Re: licensing question

Posted by "Mattmann, Chris A (388J)" <ch...@jpl.nasa.gov>.
Hi VJ,

On Aug 1, 2012, at 11:23 AM, vijay garla wrote:

> Hi,
> 
> There are a lot of open source projects that have gpl or lgpl licenses,
> many of which offer functionality for which there is no equivalent project
> with an apache license.

Well, that may be true, but I think it's best to deal with specifics and not
generalizations. If you have a specific list of those projects that you'd
like to use in cTAKES, we should discuss that here.

>  The issue is much broader than just the berkeley
> parser, and reimplementing every non Apache-license library would not be
> feasible in any reasonable time frame.

Re-implementing was one option I suggested. Another was convincing that
community to either relicense, or to consider dual-licensing in an ALv2
compatible way. See:

http://www.apache.org/legal/resolved.html#category-a

>  I'm curious as to how apache
> projects that rely on Java EE - e.g. jetty and tomcat - deal with the
> licensing issue: they must redistribute the Java EE api libraries, which I
> believe are not on the apache license.

Well, Apache Geromino is a fully ALv2 licensed implementation of the Java EE
JCP spec. Also Apache itself drove many of the JCP processes and eventual implementations.
JCPs and spec APIs aren't all ALv2 licensed, but as long as they are category-a
or compat with ALv2 per legal resolved, we're fine.

> 
> In particular, I don't know of any java based machine learning toolkits
> that would fit the bill (correct me if I'm wrong, but mahout is designed
> for map reduce).  Libsvm is essential to some of cTAKES' annotators.

Well, the key here is that Apache projects and software developed here
at the foundation cannot redistribute upstream LGPL or non ALv2 and category-A
compatible licenses with our software. 

> 
> Other libraries that cTAKES uses are public domain (LVG, JAMA); I assume
> these don't pose an issue for redistribution.

Well it depends on what public domain means.

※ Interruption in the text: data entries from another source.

(* Let $\langle W,\varphi,(Y,\mathbb S,\sigma)\rangle$ be a monotone one-dimensional cocycle with skew-product system $(X,\mathbb S_+,\pi)$, $h=\mathrm{pr}_2$, and let $\tau\in\mathbb S_+$, $\tau>0$. Assume: (1) the discretization with step $\tau$ is strictly monotone, i.e. $u_1<u_2$ implies $\varphi(k\tau,u_1,y)<\varphi(k\tau,u_2,y)$ for all $k\in\mathbb N$, $y\in Y$; (2) $x_0\in X$ has precompact semi-trajectory $\{\pi(t,x_0):t\in\mathbb S_+\}$; (3) $y_0:=h(x_0)$ is asymptotically $\tau$-periodic. Let $q:=\lim_{k\to\infty}\sigma(k\tau,y_0)$, $X_q=h^{-1}(q)$, $\tilde\omega_{x_0}:=\omega_{x_0}\cap X_q$ and $P:=\pi(\tau,\cdot)$. Then: (i) $\omega_{x_0}$ is nonempty, compact and invariant ($\pi(t,\omega_{x_0})=\omega_{x_0}$ for $t\in\mathbb S_+$); (ii) $h(\omega_{x_0})=\omega_{y_0}$; (iii) $P(\tilde\omega_{x_0})=\tilde\omega_{x_0}$; (iv) every point of $\tilde\omega_{x_0}$ is $\tau$-periodic, i.e. $P(x)=x$ for all $x\in\tilde\omega_{x_0}$.
   Context: $\mathbb S=\mathbb R$ or $\mathbb Z$, $\mathbb S_+=\{t\in\mathbb S:t\ge0\}$. $(Y,\mathbb S,\sigma)$ is a two-sided dynamical system on a complete metric space $Y$; $y$ is $\tau$-periodic if $\sigma(\tau,y)=y$, and $y_0$ is asymptotically $\tau$-periodic if there is a $\tau$-periodic $q$ with $\rho(\sigma(t,y_0),\sigma(t,q))\to0$ as $t\to+\infty$ (then $q=\lim_k\sigma(k\tau,y_0)$). $W\subseteq\mathbb R$ is an interval. A cocycle over $\sigma$ with fibre $W$ is a continuous $\varphi:\mathbb S_+\times W\times Y\to W$ with $\varphi(0,u,y)=u$, $\varphi(t+s,u,y)=\varphi(t,\varphi(s,u,y),\sigma(s,y))$; monotone means $u_1\le u_2\Rightarrow\varphi(t,u_1,y)\le\varphi(t,u_2,y)$. Skew-product: $X=W\times Y$, $\pi(t,(u,y))=(\varphi(t,u,y),\sigma(t,y))$, $h(u,y)=y$. $\omega_x$ ($\omega_y$) is the set of limits of $\pi(t_k,x)$ ($\sigma(t_k,y)$) with $t_k\to+\infty$, $t_k\in\mathbb S_+$. A point $x\in X$ is $\tau$-periodic if $\pi(\tau,x)=x$. *)

From HB Require Import structures.
From mathcomp Require Import all_boot all_order all_algebra.
From mathcomp Require Import all_classical all_reals all_analysis.
Set Implicit Arguments. Unset Strict Implicit. Unset Printing Implicit Defensive.
Import Order.TTheory GRing.Theory Num.Theory.
Import numFieldNormedType.Exports.
Local Open Scope classical_set_scope.
Local Open Scope ring_scope.
(* Let $S=S(r_1,r_2,\ldots,r_k)$ be a starlike tree. Then: (1) if $r_i\geq 4$ for all $i$, then $GA(S)>ABC(S)$; (2) if $r_i\geq 2$ for all $i$ and $\frac{1}{k}\sum_{i=1}^{k}r_i\geq 4$, then $GA(S)>ABC(S)$; (3) if $\frac{1}{k}\sum_{i=1}^{k}r_i\geq 8$, then $GA(S)>ABC(S)$.
   Context: A starlike tree is a tree with exactly one vertex of degree greater than two. $S(r_1,\ldots,r_k)$ denotes the starlike tree having a vertex $v$ of degree $k>2$ such that deleting $v$ leaves the disjoint union of paths $P_{r_1}\cup\cdots\cup P_{r_k}$, where $P_r$ is the path on $r$ vertices and $r_1\geq r_2\geq\cdots\geq r_k\geq 1$ (so $S$ has $1+\sum r_i$ vertices). With $d_i$ the degree of vertex $v_i$, $GA(S)=\sum_{v_iv_j\in E(S)}\frac{2\sqrt{d_id_j}}{d_i+d_j}$ and $ABC(S)=\sum_{v_iv_j\in E(S)}\sqrt{\frac{d_i+d_j-2}{d_id_j}}$. *)

From Stdlib Require Import Reals Lra Lia Arith List Sorted.
Import ListNotations.
Open Scope R_scope.

(* Vertices of the starlike tree S(r_1,...,r_k):
   None          = the central vertex v (of degree k),
   Some (i, j)   = the j-th vertex (1 <= j <= r_i) of the i-th branch (0-based i),
   the branch being the path  v - (i,1) - (i,2) - ... - (i,r_i). *)
Definition vertex := option (nat * nat).
(* Let $1<S\le N$, $L$ a band-width vector, $\dot W$ an $L$-admissible matrix, $W_\varepsilon=\mathrm{Id}+\varepsilon\dot W$, $k\in\mathbb N$, $\beta\in\Gamma$, $D_\beta=D_{k,\beta,L}$, $D_{-\beta}=\overline{D_\beta}=D_\beta^{-1}$, $P_{\varepsilon,\beta}=D_\beta W_\varepsilon$ (so $P_{\varepsilon,\beta}^*=W_\varepsilon D_{-\beta}$). Fix $\ell$ and $s_\ell$ with $\ell\in B_{s_\ell}$. Suppose that for $0<\varepsilon<\gamma$: $f^{(\ell)}_\varepsilon$ is a unit eigenvector of $P_{\varepsilon,\beta}$ with eigenvalue $\lambda^{(\ell)}_\varepsilon\to e^{-2\pi ik\beta_{s_\ell}}$; $\mu^{(\ell)}_\varepsilon$ satisfies $P^*_{\varepsilon,\beta}\mu^{(\ell)}_\varepsilon=\overline{\lambda^{(\ell)}_\varepsilon}\mu^{(\ell)}_\varepsilon$ and $\langle f^{(\ell)}_\varepsilon,\mu^{(\ell)}_\varepsilon\rangle=1$; and $f^{(\ell)}_\varepsilon\to f^{(\ell)}$, $\mu^{(\ell)}_\varepsilon\to f^{(\ell)}$ as $\varepsilon\to0$, where $f^{(\ell)}$ is a unit eigenvector of $D_\beta\hat W_L$. Then for each $j\in\{1,\dots,N\}\setminus B_{s_\ell}$, with $s_j$ such that $j\in B_{s_j}$, $$\lim_{\varepsilon\to0}\frac{(\mu^{(\ell)}_\varepsilon)_j-(f^{(\ell)})_j}{\varepsilon}=\lim_{\varepsilon\to0}\frac{(\mu^{(\ell)}_\varepsilon)_j}{\varepsilon}=\frac{1}{e^{2\pi ik\beta_{s_\ell}}-e^{2\pi ik\beta_{s_j}}}\bigl(\dot WD_{-\beta}f^{(\ell)}\bigr)_j.$$
   Context: A band-width vector is $L=(L_1,\dots,L_S)$ of positive integers with $\sum_sL_s=N$; $N_0=0$, $N_s=N_{s-1}+L_s$, $B_s=\{j:N_{s-1}<j\le N_s\}$. $D_{k,\beta,L}$ is the diagonal matrix with $j$-th entry $e^{-2\pi ik\beta_s}$ for $j\in B_s$. $\dot W$ is $L$-admissible if it is real symmetric and (1) $\dot W_{ij}\ge0$ for $i\ne j$, $\sum_j\dot W_{ij}=0$ for all $i$; (2) $\dot W$ has $N$ distinct eigenvalues; (3) each $\hat W_s=(\dot W_{jk})_{j,k\in B_s}$ has $L_s$ distinct eigenvalues. $\hat W_L$ is block diagonal with blocks $\hat W_s$. $\Gamma=\{\beta\in\mathbb R^S: e^{-2\pi ik\beta_{s_1}}\neq e^{-2\pi ik\beta_{s_2}}\text{ for all }k\ne0,\ s_1\ne s_2\}$. $\langle v,w\rangle=\sum_jv_j\overline{w_j}$; $P^*$ is the conjugate transpose. *)

From HB Require Import structures.
From mathcomp Require Import all_boot all_order all_algebra.
From mathcomp Require Import complex.
From mathcomp Require Import all_classical all_reals all_analysis.
Set Implicit Arguments. Unset Strict Implicit. Unset Printing Implicit Defensive.
Import Order.TTheory GRing.Theory Num.Theory.
Import numFieldNormedType.Exports.
Local Open Scope ring_scope.
Local Open Scope complex_scope.

(* Topology on R[i]: the (pseudo)metric of the complex modulus, copied from
   the generic numFieldType instance on the regular alias R[i]^o. *)
HB.instance Definition _ (R : realType) :=
  PseudoPointedMetric.copy R[i] (R[i])^o.

Section Defs.
Variable R : realType.

Definition expi (x : R) : R[i] := (cos x +i* sin x).

(* Indices are 0-based: 'I_N stands for {1..N}, 'I_S for {1..S}.
   N_{s-1} = \sum_(t < s) L_t, and j is in B_s iff N_{s-1} <= j < N_s. *)
Definition bandwidth (S N : nat) (L : 'I_S -> nat) : Prop :=
  (forall s, (0 < L s)%N) /\ (\sum_(s < S) L s)%N = N.

Definition inblock (S N : nat) (L : 'I_S -> nat) (s : 'I_S) (j : 'I_N) : bool :=
  ((\sum_(t < S | (t < s)%N) L t)%N <= j)%N && (j < \sum_(t < S | (t <= s)%N) L t)%N.

Definition block (S N : nat) (L : 'I_S -> nat) (s : 'I_S) : {set 'I_N} :=
  [set j | inblock L s j].

Definition Dmat (S N : nat) (L : 'I_S -> nat) (k : nat) (beta : 'I_S -> R)
  : 'M[R[i]]_N :=
  \matrix_(i, j) if i == j then
     (match [pick s | inblock L s i] with
      | Some s => expi (- (2 * pi * k%:R * beta s))
      | None => 1 end)
   else 0.

Definition Wblock (S N : nat) (L : 'I_S -> nat) (W : 'M[R]_N) (s : 'I_S)
  : 'M[R]_#|block N L s| :=
  \matrix_(a, b) W (enum_val a) (enum_val b).

Definition WhatL (S N : nat) (L : 'I_S -> nat) (W : 'M[R]_N) : 'M[R]_N :=
  \matrix_(i, j) if [exists s, inblock L s i && inblock L s j] then W i j else 0.

Definition admissible (S N : nat) (L : 'I_S -> nat) (W : 'M[R]_N) : Prop :=
  [/\ W^T = W,
      (forall i j, i != j -> 0 <= W i j),
      (forall i, \sum_j W i j = 0),
      (exists e : 'I_N -> R, injective e /\ forall i, eigenvalue W (e i)) &
      (forall s, exists e : 'I_#|block N L s| -> R,
           injective e /\ forall a, eigenvalue (Wblock L W s) (e a))].

Definition Gamma (S : nat) (beta : 'I_S -> R) : Prop :=
  forall (k : int), k != 0 -> forall s1 s2 : 'I_S, s1 != s2 ->
    expi (- (2 * pi * k%:~R * beta s1)) != expi (- (2 * pi * k%:~R * beta s2)).

Definition cmx (m n : nat) (A : 'M[R]_(m, n)) : 'M[R[i]]_(m, n) :=
  map_mx (fun x => x%:C) A.

Definition ctrans (m n : nat) (A : 'M[R[i]]_(m, n)) : 'M[R[i]]_(n, m) :=
  (map_mx (@conjc R) A)^T.

Definition cinner (n : nat) (v w : 'cV[R[i]]_n) : R[i] :=
  \sum_j v j 0 * conjc (w j 0).

Definition unit_vec (n : nat) (v : 'cV[R[i]]_n) : Prop := cinner v v = 1.

End Defs.

(* Reading off the j-th row of P_eps^* mu_eps = conj(lam_eps) mu_eps, where
   P_eps^* = (Id + eps W) D_{-beta}, gives
     mu_eps_j * (conj(lam_eps) - e^{2 pi i k beta_{s_j}}) = eps * (W D_{-beta} mu_eps)_j.
   The factor on the left tends to e^{2 pi i k beta_{s_l}} - e^{2 pi i k beta_{s_j}},
   which is nonzero because beta is in Gamma, so dividing by eps gives the second
   limit.  In particular mu_eps_j = O(eps) tends to 0, hence f0_j = 0 and the two
   limits coincide. *)

From HB Require Import structures.
From mathcomp Require Import all_boot all_order all_algebra.
From mathcomp Require Import complex.
From mathcomp Require Import all_classical all_reals all_analysis.
Set Implicit Arguments. Unset Strict Implicit. Unset Printing Implicit Defensive.
Import Order.TTheory GRing.Theory Num.Theory.
Import numFieldNormedType.Exports.
Local Open Scope ring_scope.
Local Open Scope complex_scope.
Local Open Scope classical_set_scope.

Section Blocks.
Variables (S N : nat) (L : 'I_S -> nat).

Lemma block_end_le_start (s t : 'I_S) : (s < t)%N ->
  (\sum_(u < S | (u <= s)%N) L u <= \sum_(u < S | (u < t)%N) L u)%N.
Proof.
move=> lt_st; rewrite big_mkcond [leqRHS]big_mkcond /=.
apply: leq_sum => u _; case: ifP => // le_us.
by rewrite (leq_ltn_trans le_us lt_st).
Qed.

Lemma inblock_uniq (s t : 'I_S) (j : 'I_N) :
  inblock L s j -> inblock L t j -> s = t.
Proof.
rewrite /inblock => /andP[s_lo s_hi] /andP[t_lo t_hi].
case: (ltngtP s t) => [lt_st|lt_ts|/val_inj //].
  by have := leq_trans s_hi (leq_trans (block_end_le_start lt_st) t_lo); rewrite ltnn.
by have := leq_trans t_hi (leq_trans (block_end_le_start lt_ts) s_lo); rewrite ltnn.
Qed.

End Blocks.

Lemma conjc_expi (R : realType) (x : R) : conjc (expi x) = expi (- x).
Proof. by rewrite /expi cosN sinN. Qed.

Lemma Gamma_expi_neq (R : realType) (S : nat) (beta : 'I_S -> R) (k : nat)
    (s1 s2 : 'I_S) :
  Gamma beta -> (0 < k)%N -> s1 != s2 ->
  expi (2 * pi * k%:R * beta s1) != expi (2 * pi * k%:R * beta s2).
Proof.
move=> HGamma k_gt0 s12.
have k_neq0 : k%:Z != 0 by apply: contraTneq k_gt0 => -[->].
have := HGamma k%:Z k_neq0 s1 s2 s12; rewrite pmulrn.
by apply: contra => /eqP E; rewrite -!conjc_expi E.
Qed.

Section PhaseMatrix.
Variables (R : realType) (S N : nat) (L : 'I_S -> nat) (k : nat).

Definition Dentry (beta : 'I_S -> R) (i : 'I_N) : R[i] :=
  match [pick s | inblock L s i] with
  | Some s => expi (- (2 * pi * k%:R * beta s))
  | None => 1
  end.

Lemma Dmat_diag (beta : 'I_S -> R) :
  Dmat N L k beta = diag_mx (\row_i Dentry beta i).
Proof. by apply/matrixP => a b; rewrite !mxE; case: eqP => // ->; rewrite eqxx. Qed.

Lemma Dentry_inblock (beta : 'I_S -> R) (s : 'I_S) (j : 'I_N) :
  inblock L s j -> Dentry beta j = expi (- (2 * pi * k%:R * beta s)).
Proof.
move=> js; rewrite /Dentry; case: pickP => [t jt|/(_ s)]; last by rewrite js.
by rewrite (inblock_uniq jt js).
Qed.

Lemma conjc_Dentry (beta : 'I_S -> R) (j : 'I_N) :
  conjc (Dentry beta j) = Dentry (fun s => - beta s) j.
Proof.
rewrite /Dentry; case: pickP => [s _|_]; last by rewrite rmorph1.
by rewrite conjc_expi mulrN.
Qed.

Lemma ctransM m n p (A : 'M[R[i]]_(m, n)) (B : 'M[R[i]]_(n, p)) :
  ctrans (A *m B) = ctrans B *m ctrans A.
Proof. by rewrite /ctrans map_mxM trmx_mul. Qed.

Lemma ctrans_Dmat (beta : 'I_S -> R) :
  ctrans (Dmat N L k beta) = Dmat N L k (fun s => - beta s).
Proof.
rewrite !Dmat_diag; apply/matrixP => a b; rewrite !mxE eq_sym.
case: eqP => [->|_]; last by rewrite !mulr0n conjc0.
by rewrite !mulr1n conjc_Dentry.
Qed.

Lemma ctrans_perturbation (W : 'M[R]_N) (e : R) : W^T = W ->
  ctrans (1%:M + e%:C *: cmx W) = 1%:M + e%:C *: cmx W.
Proof.
move=> Wsym; apply/matrixP => a b.
rewrite !mxE rmorphD rmorphM rmorph_nat /= !oppr0 eq_sym.
by rewrite -{1}Wsym mxE.
Qed.

Lemma adjoint_eigen_entry (beta : 'I_S -> R) (W : 'M[R]_N) (e : R)
    (m : 'cV[R[i]]_N) (c : R[i]) (s : 'I_S) (j : 'I_N) :
  W^T = W -> inblock L s j ->
  ctrans (Dmat N L k beta *m (1%:M + e%:C *: cmx W)) *m m = c *: m ->
  m j 0 * (c - expi (2 * pi * k%:R * beta s))
    = e%:C * (cmx W *m Dmat N L k (fun t => - beta t) *m m) j 0.
Proof.
move=> Wsym js; rewrite ctransM ctrans_perturbation // ctrans_Dmat.
rewrite mulmxDl mul1mx mulmxDl -!scalemxAl => /matrixP/(_ j 0).
rewrite [in X in X + _]Dmat_diag mul_diag_mx !mxE (Dentry_inblock _ js) mulrN opprK.
by move=> E; rewrite mulrBr mulrC -E [m j 0 * _]mulrC addrAC subrr add0r.
Qed.

End PhaseMatrix.

Section Limits.
Variables (R : realType) (T : Type) (F : set_system T).
Context {FF : Filter F}.
Implicit Types (a g h v : T -> R[i]).

Lemma cvg_conjc a (u : R[i]) :
  a x @[x --> F] --> u -> conjc (a x) @[x --> F] --> conjc u.
Proof.
move=> /(@cvgrPdist_lt _ (R[i]^o)) au.
apply/(@cvgrPdist_lt _ (R[i]^o)) => e e0.
by near do rewrite -normcJ rmorphB /= !conjcK; apply: au.
Unshelve. all: by end_near.
Qed.

Lemma cvg_mx_entry (K : topologicalType) m n (A : T -> 'M[K]_(m, n))
    (B : 'M[K]_(m, n)) i j :
  A x @[x --> F] --> B -> A x i j @[x --> F] --> B i j.
Proof.
move=> AB U BU; suff : nbhs B [set M : 'M[K]_(m, n) | U (M i j)] by move/AB.
exists (fun p q => if (p == i) && (q == j) then U else setT).
  move=> p q; case: ifP => [/andP[/eqP-> /eqP->] //|_]; exact: filterT.
by move=> M /(_ i j); rewrite !eqxx.
Qed.

Lemma cvg_mulmx_entry m n p (A : 'M[R[i]]_(m, n)) (B : T -> 'M[R[i]]_(n, p))
    (B0 : 'M[R[i]]_(n, p)) i j :
  B x @[x --> F] --> B0 -> (A *m B x) i j @[x --> F] --> (A *m B0) i j.
Proof.
move=> BB0; rewrite mxE; under eq_cvg do rewrite mxE.
apply: cvg_big => [|l _].
  exact: (@pseudometric_normed_Zmodule.add_continuous _ (R[i]^o)).
apply: (@cvgM _ _ _ _ (fun=> A i l) (fun x => B x l j)).
  exact: cvg_cst.
exact: cvg_mx_entry.
Qed.

Lemma cvg_ratio a g h v (g0 v0 : R[i]) : g0 != 0 ->
  g x @[x --> F] --> g0 -> v x @[x --> F] --> v0 ->
  (\forall x \near F, h x != 0 /\ a x * g x = h x * v x) ->
  (a x / h x) @[x --> F] --> g0^-1 * v0.
Proof.
move=> g0_neq0 gg0 vv0 agh.
have g_neq0 := @cvgr_neq0 _ (R[i]^o) _ _ _ _ _ gg0 g0_neq0.
apply: (@cvg_trans _ ((fun x => (g x)^-1 * v x) @ F)).
  apply: near_eq_cvg; near=> x.
  have [hx0 hx] : h x != 0 /\ a x * g x = h x * v x by near: x.
  have gx0 : g x != 0 by near: x; exact: g_neq0.
  by rewrite /= -(mulfK gx0 (a x)) hx [h x * _]mulrC mulrAC mulfK // mulrC.
exact: (@cvgM _ _ _ _ _ _ _ _ (@cvgV _ _ _ _ _ _ g0_neq0 gg0) vv0).
Unshelve. all: by end_near.
Qed.

Lemma ratio_cvg_num_eq0 {PF : ProperFilter F} a h (a0 c : R[i]) :
  a x @[x --> F] --> a0 -> h x @[x --> F] --> 0 ->
  (a x / h x) @[x --> F] --> c -> (\forall x \near F, h x != 0) -> a0 = 0.
Proof.
move=> aa0 h0 ac h_neq0.
have a_cvg0 : a x @[x --> F] --> 0.
  have ahh : (a x / h x * h x) @[x --> F] --> 0.
    by rewrite -(mulr0 c); exact: (@cvgM _ _ _ _ _ _ _ _ ac h0).
  apply: cvg_trans ahh; apply: near_eq_cvg; near=> x.
  by rewrite /= mulfVK //; near: x.
exact: (@cvg_unique R[i] (@norm_hausdorff _ (R[i]^o)) _ _ _ _ aa0 a_cvg0).
Unshelve. all: by end_near.
Qed.

End Limits.

Lemma real_complex_continuous (R : realType) : continuous (fun x : R => x%:C).
Proof.
move=> a; apply/(@cvgrPdist_lt _ (R[i]^o)) => _ /[dup] /gtr0_real/complex_realP[r ->].
rewrite ltcE /= => /andP[_ r_gt0].
near=> x; rewrite -rmorphB normc_def /= expr0n addr0 sqrtr_sqr ltcR.
by near: x; exact: (@nbhsx_ballx _ R^o a r r_gt0).
Unshelve. all: by end_near.
Qed.

Theorem proposition4p9 (R : realType) (S N : nat) (L : 'I_S -> nat)
  (Wd : 'M[R]_N) (k : nat) (beta : 'I_S -> R) (gamma : R)
  (lam : R -> R[i]) (f mu : R -> 'cV[R[i]]_N) (f0 : 'cV[R[i]]_N)
  (l : 'I_N) (sl : 'I_S) :
  (1 < S)%N -> (S <= N)%N ->
  bandwidth N L -> admissible L Wd ->
  (0 < k)%N -> Gamma beta ->
  inblock L sl l ->
  0 < gamma ->
  let D := Dmat N L k beta in
  let Dm := Dmat N L k (fun s => - beta s) in
  let P := fun eps : R => D *m (1%:M + (eps%:C) *: cmx Wd) in
  (forall eps, 0 < eps < gamma ->
     [/\ unit_vec (f eps),
         P eps *m f eps = lam eps *: f eps,
         ctrans (P eps) *m mu eps = conjc (lam eps) *: mu eps &
         cinner (f eps) (mu eps) = 1]) ->
  lam x @[x --> 0^'+] --> expi (- (2 * pi * k%:R * beta sl)) ->
  f x @[x --> 0^'+] --> f0 ->
  mu x @[x --> 0^'+] --> f0 ->
  unit_vec f0 ->
  (exists lam0 : R[i], (D *m cmx (WhatL L Wd)) *m f0 = lam0 *: f0) ->
  forall (j : 'I_N) (sj : 'I_S), ~~ inblock L sl j -> inblock L sj j ->
  let c := (expi (2 * pi * k%:R * beta sl) - expi (2 * pi * k%:R * beta sj))^-1
           * (cmx Wd *m Dm *m f0) j 0 in
  ((mu x j 0 - f0 j 0) / x%:C) @[x --> 0^'+] --> c /\
  (mu x j 0 / x%:C) @[x --> 0^'+] --> c.
Proof.
move=> _ _ _ [Wsym _ _ _ _] k_gt0 HGamma _ gamma_gt0 D Dm P eigen lam_cvg _ mu_cvg
  _ _ j sj not_lj sj_j c.
have gap_neq0 : expi (2 * pi * k%:R * beta sl) - expi (2 * pi * k%:R * beta sj) != 0.
  by rewrite subr_eq0 Gamma_expi_neq //; apply: contraNneq not_lj => ->.
have lam_conj_cvg : conjc (lam x) @[x --> 0^'+] --> expi (2 * pi * k%:R * beta sl).
  by rewrite -[X in _ --> X]conjcK conjc_expi; exact: cvg_conjc.
have G_cvg : (conjc (lam x) - expi (2 * pi * k%:R * beta sj)) @[x --> 0^'+] -->
    expi (2 * pi * k%:R * beta sl) - expi (2 * pi * k%:R * beta sj).
  exact: (@cvgB _ (R[i]^o) _ _ _ (fun x => conjc (lam x))
    (fun=> expi (2 * pi * k%:R * beta sj)) _ _ lam_conj_cvg (cvg_cst _)).
have V_cvg : (cmx Wd *m Dm *m mu x) j 0 @[x --> 0^'+] --> (cmx Wd *m Dm *m f0) j 0.
  exact: cvg_mulmx_entry.
have adjoint_eq : \forall x \near 0^'+, x%:C != 0 /\
    mu x j 0 * (conjc (lam x) - expi (2 * pi * k%:R * beta sj))
    = x%:C * (cmx Wd *m Dm *m mu x) j 0.
  near=> x.
  have x_gt0 : 0 < x by near: x; exact: nbhs_right_gt.
  have x_lt : x < gamma by near: x; exact: nbhs_right_lt.
  have [_ _ adj _] := eigen x (introT andP (conj x_gt0 x_lt)).
  split; first by rewrite eq_complex /= eqxx andbT gt_eqF.
  exact: adjoint_eigen_entry adj.
have ratio_cvg : (mu x j 0 / x%:C) @[x --> 0^'+] --> c.
  exact: cvg_ratio gap_neq0 G_cvg V_cvg adjoint_eq.
have f0j : f0 j 0 = 0.
  apply: (ratio_cvg_num_eq0 (cvg_mx_entry mu_cvg) _ ratio_cvg).
  - exact: (cvg_at_right_filter (@real_complex_continuous R 0)).
  - by apply: filterS adjoint_eq => x [].
by rewrite f0j; under eq_cvg do rewrite subr0; split.
Unshelve. all: by end_near.
Qed.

If their license is compatible with
http://www.apache.org/legal/resolved.html#category-a then we are fine. If not, we
have to discuss options for replacing those dependencies somehow.

> 
> Finally, users will have to download the SNOMED-CT/RXNORM dictionaries from
> an external web site; why not bundle the non-apache libraries for
> redistribution there?

That's possible in some ways, but we can't splinter the community and from a 
Apache cTAKES perspective, we have to discuss a workable solution for the 
project within the guidelines of the foundation. That may involve linking to 
external sites, that may involve hosting some things elsewhere that aren't
absolutely required by our users and so on and so forth.

Cheers,
Chris

++++++++++++++++++++++++++++++++++++++++++++++++++++++++++++++++++
Chris Mattmann, Ph.D.
Senior Computer Scientist
NASA Jet Propulsion Laboratory Pasadena, CA 91109 USA
Office: 171-266B, Mailstop: 171-246
Email: chris.a.mattmann@nasa.gov
WWW:   http://sunset.usc.edu/~mattmann/
++++++++++++++++++++++++++++++++++++++++++++++++++++++++++++++++++
Adjunct Assistant Professor, Computer Science Department
University of Southern California, Los Angeles, CA 90089 USA
++++++++++++++++++++++++++++++++++++++++++++++++++++++++++++++++++


Re: licensing question

Posted by Steven Bethard <st...@Colorado.EDU>.
On Aug 1, 2012, at 12:30 PM, Savova, Guergana wrote:
> LibSVM is BSD license which is compatible with Apache. The non-compatible licenses are GPL, LGPL (http://www.apache.org/legal/3party.html).
> 
> Mallet is CPL I believe. By ASF policy, CPL falls in the category of reciprocal licenses. I am not quite sure how reciprocal licensed tools work with Apache licensed tools.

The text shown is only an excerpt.